Taking the line with "(1 - p) * delta *" as the first and the line with "Jacobian kills its" as the last, set down exactly every line in that range from the entries below, and no more.

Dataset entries

----

(* Let $\beta,\gamma,\mu>0$, $0<p<\tfrac12$, $\delta=\beta/(\gamma+\mu)$ with $4(1-p)<\delta<\tfrac1p$. Then the Jacobian at $E_2$ of the $(S_0,S_1,A)$ subsystem of the temporary adoption model, $$J=\begin{pmatrix}-\beta A-\mu&0&-\beta S_0\\(1-p)\beta A&-\beta A-\mu&(1-p)\beta S_0-\beta S_1\\ p\beta A&\beta A&\beta(pS_0+S_1)-\gamma-\mu\end{pmatrix},$$ has exactly one eigenvalue with positive real part (which is real) and two eigenvalues with negative real part. In particular $E_2$ is a hyperbolic saddle with a one-dimensional unstable manifold.
   Context: The temporary adoption model is $S_0'=\mu-\beta S_0A-\mu S_0$, $S_1'=(1-p)\beta S_0A-\beta S_1A-\mu S_1$, $A'=\beta(pS_0+S_1)A-(\gamma+\mu)A$, $R'=\gamma A-\mu R$, with $S_0+S_1+A+R=1$. $E_2$ is the equilibrium with $A=A_2=\tfrac12(1+\tfrac{\gamma}{\mu})^{-1}\big[1-2\delta^{-1}-\sqrt{1-4(1-p)\delta^{-1}}\big]$, $S_0=1/(\delta(\frac{\gamma}{\mu}+1)A+1)$, $S_1=(1-p)\delta(\frac{\gamma}{\mu}+1)A/(\delta(\frac{\gamma}{\mu}+1)A+1)^2$, $R=\frac{\gamma}{\mu}A$. *)

(* eigenvalues are taken in an arbitrary numeric algebraically
   closed field C (e.g. the complex numbers); the model parameters are real
   elements of C. *)
From HB Require Import structures.
From mathcomp Require Import all_boot all_order all_algebra.
Set Implicit Arguments. Unset Strict Implicit. Unset Printing Implicit Defensive.
Import Order.TTheory GRing.Theory Num.Theory.
Local Open Scope ring_scope.

Section TA.
Variable C : numClosedFieldType.
Variables (beta gamma mu p : C).

Definition delta : C := beta / (gamma + mu).

Definition A2 : C :=
  2^-1 * (1 + gamma / mu)^-1 *
  (1 - 2 * delta^-1 - sqrtC (1 - 4 * (1 - p) * delta^-1)).
Definition S0_2 : C := 1 / (delta * (gamma / mu + 1) * A2 + 1).
Definition S1_2 : C :=
  (1 - p) * delta * (gamma / mu + 1) * A2 / (delta * (gamma / mu + 1) * A2 + 1) ^+ 2.
Definition R_2 : C := gamma / mu * A2.

Definition jac (S0 S1 A : C) : 'M[C]_3 :=
  \matrix_(i < 3, j < 3)
    match nat_of_ord i, nat_of_ord j with
    | 0, 0 => - beta * A - mu
    | 0, 1 => 0
    | 0, _ => - beta * S0
    | 1, 0 => (1 - p) * beta * A
    | 1, 1 => - beta * A - mu
    | 1, _ => (1 - p) * beta * S0 - beta * S1
    | _, 0 => p * beta * A
    | _, 1 => beta * A
    | _, _ => beta * (p * S0 + S1) - gamma - mu
    end.

Definition J_E2 : 'M[C]_3 := jac S0_2 S1_2 A2.
End TA.

From HB Require Import structures.
From mathcomp Require Import all_boot all_order all_algebra.
From mathcomp Require Import ring.
Set Implicit Arguments. Unset Strict Implicit. Unset Printing Implicit Defensive.
Import Order.TTheory GRing.Theory Num.Theory.
Local Open Scope ring_scope.

(* Write y = beta A / mu for the normalised adopter level at E_2.  The
   closed formula for A_2 makes y the smaller root of
   delta (p + y) = (1 + y)^2, and the hypotheses 4(1-p) < delta < 1/p give
   0 < y < 1 - 2p.  Substituting S_0 = 1/(1+y), S_1 = (1-p)y/(1+y)^2 into the
   Jacobian kills its (3,3) entry, and its characteristic polynomial becomes a
   real monic cubic X^3 + a X^2 + b X + c with a = 2 mu (1 + y) > 0 and
   c = - beta mu^2 y (1 - 2p - y) / (1 + y) < 0.

   Over a numeric closed field it
   then shows that a real monic cubic with a > 0 and c < 0 has one positive
   real root and two roots of negative real part: its roots are either all
   real or a real root and a conjugate pair, and in both cases the signs are
   forced by the Vieta relations for the sum (-a) and the product (-c). *)

Section MonicCubic.
Context {R : comNzRingType}.
Implicit Types a b c : R.

Definition cub a b c : {poly R} := 'X^3 + a%:P * 'X^2 + b%:P * 'X + c%:P.

Lemma size_cub a b c : size (cub a b c) = 4%N.
Proof.
have sizeCM (x : R) (q : {poly R}) : (size (x%:P * q)%R <= size q)%N.
  by rewrite mul_polyC size_scale_leq.
rewrite /cub -!addrA size_addl ?size_polyXn //.
rewrite (leq_ltn_trans (size_polyD _ _)) // gtn_max.
rewrite (leq_ltn_trans (sizeCM _ _)) ?size_polyXn //=.
rewrite (leq_ltn_trans (size_polyD _ _)) // gtn_max.
rewrite (leq_ltn_trans (sizeCM _ _)) ?size_polyX //=.
by rewrite (leq_ltn_trans (size_polyC_leq1 _)).
Qed.

Lemma cub_inj a b c a' b' c' :
  cub a b c = cub a' b' c' -> [/\ a = a', b = b' & c = c'].
Proof.
have coefs x y z : [/\ (cub x y z)`_0 = z, (cub x y z)`_1 = y & (cub x y z)`_2 = x].
  by rewrite /cub !coefD !coefCM !coefXn !coefX !coefC /=; split; ring.
move=> E; have [c0 c1 c2] := coefs a b c; have [c0' c1' c2'] := coefs a' b' c'.
by split; [rewrite -c2 -c2' | rewrite -c1 -c1' | rewrite -c0 -c0']; rewrite E.
Qed.

Lemma prod3_XsubC r1 r2 r3 :
  ('X - r1%:P) * ('X - r2%:P) * ('X - r3%:P) =
  cub (- (r1 + r2 + r3)) (r1 * r2 + r1 * r3 + r2 * r3) (- (r1 * r2 * r3)).
Proof. by rewrite /cub !(rmorphN, rmorphD, rmorphM) /=; ring. Qed.

End MonicCubic.

Lemma det_mx33 (R : comNzRingType) (f : nat -> nat -> R) :
  \det (\matrix_(i < 3, j < 3) f i j) =
    f 0 0 * f 1 1 * f 2 2 + f 0 1 * f 1 2 * f 2 0 + f 0 2 * f 1 0 * f 2 1
  - f 0 2 * f 1 1 * f 2 0 - f 0 0 * f 1 2 * f 2 1 - f 0 1 * f 1 0 * f 2 2.
Proof.
rewrite (expand_det_row _ 0) !big_ord_recl big_ord0 /cofactor.
rewrite !(expand_det_row _ 0) !big_ord_recl !big_ord0 /cofactor.
by rewrite !det_mx11 !mxE /= !expr0 !expr1 !exprS !expr0 /=; ring.
Qed.

Lemma char_poly_mx33 (R : comNzRingType) (f : nat -> nat -> R) :
  char_poly (\matrix_(i < 3, j < 3) f i j) =
  cub (- (f 0 0 + f 1 1 + f 2 2))
      (f 0 0 * f 1 1 + f 0 0 * f 2 2 + f 1 1 * f 2 2
         - f 0 1 * f 1 0 - f 0 2 * f 2 0 - f 1 2 * f 2 1)
      (- \det (\matrix_(i < 3, j < 3) f i j)).
Proof.
rewrite det_mx33 /char_poly /char_poly_mx.
have -> : 'X%:M - map_mx polyC (\matrix_(i < 3, j < 3) f i j) =
   \matrix_(i < 3, j < 3) ((nat_of_ord i == nat_of_ord j)%:R * 'X - (f i j)%:P).
  by apply/matrixP => i j; rewrite !mxE mulr_natl.
rewrite (@det_mx33 _ (fun i j => (i == j)%:R * 'X - (f i j)%:P)) /cub /=.
by rewrite !(rmorphB, rmorphD, rmorphM, rmorphN) /=; ring.
Qed.

Lemma cub_split (C : closedFieldType) (a b c : C) :
  exists r1 r2 r3 : C, cub a b c = ('X - r1%:P) * ('X - r2%:P) * ('X - r3%:P).
Proof.
have [r def_cub] := closed_field_poly_normal (cub a b c).
have monic_cub : lead_coef (cub a b c) = 1.
  by rewrite lead_coefE size_cub /cub !coefD !coefCM !coefXn !coefX !coefC /=; ring.
rewrite monic_cub scale1r in def_cub.
have := size_cub a b c; rewrite [in size _]def_cub size_prod_XsubC.
case: r def_cub => [|r1 [|r2 [|r3 [|]]]] // def_cub _.
by exists r1, r2, r3; rewrite def_cub !big_cons big_nil mulr1 mulrA.
Qed.

Section RealCubic.
Variable C : numClosedFieldType.
Implicit Types a c t z : C.

Lemma real_addC_conj z : z + z^* \is Num.real.
Proof. by rewrite CrealE rmorphD /= conjCK addrC. Qed.

(* A real root t with a conjugate pair z, z^*: the product t |z|^2 = -c > 0
   forces t > 0, and then the sum t + 2 Re z = -a < 0 forces Re z < 0. *)
Lemma conj_pair_signs a c t z : t \is Num.real -> 0 < a -> c < 0 ->
  t + z + z^* = - a -> t * (z * z^*) = - c -> 0 < t /\ 'Re z < 0.
Proof.
move=> tR a0 c0 sum_roots prod_roots.
have prod_pos : 0 < t * (z * z^*) by rewrite prod_roots oppr_gt0.
have t0 : 0 < t.
  rewrite real_ltNge ?real0 //; apply/negP => t_le0.
  have := lt_le_trans prod_pos (mulr_le0_ge0 t_le0 (mul_conjC_ge0 z)).
  by rewrite ltxx.
split => //; rewrite ReE.
have -> : z + z^* = - a - t by rewrite -sum_roots; ring.
by rewrite pmulr_llt0 ?invr_gt0 ?ltr0n // subr_lt0 (lt_trans _ t0) // oppr_lt0.
Qed.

----

Solution to this problem:
  (1 - p) * delta * (gamma / mu + 1) * A2 / (delta * (gamma / mu + 1) * A2 + 1) ^+ 2.
Definition R_2 : C := gamma / mu * A2.

Definition jac (S0 S1 A : C) : 'M[C]_3 :=
  \matrix_(i < 3, j < 3)
    match nat_of_ord i, nat_of_ord j with
    | 0, 0 => - beta * A - mu
    | 0, 1 => 0
    | 0, _ => - beta * S0
    | 1, 0 => (1 - p) * beta * A
    | 1, 1 => - beta * A - mu
    | 1, _ => (1 - p) * beta * S0 - beta * S1
    | _, 0 => p * beta * A
    | _, 1 => beta * A
    | _, _ => beta * (p * S0 + S1) - gamma - mu
    end.

Definition J_E2 : 'M[C]_3 := jac S0_2 S1_2 A2.
End TA.

From HB Require Import structures.
From mathcomp Require Import all_boot all_order all_algebra.
From mathcomp Require Import ring.
Set Implicit Arguments. Unset Strict Implicit. Unset Printing Implicit Defensive.
Import Order.TTheory GRing.Theory Num.Theory.
Local Open Scope ring_scope.

(* Write y = beta A / mu for the normalised adopter level at E_2.  The
   closed formula for A_2 makes y the smaller root of
   delta (p + y) = (1 + y)^2, and the hypotheses 4(1-p) < delta < 1/p give
   0 < y < 1 - 2p.  Substituting S_0 = 1/(1+y), S_1 = (1-p)y/(1+y)^2 into the
   Jacobian kills its (3,3) entry, and its characteristic polynomial becomes a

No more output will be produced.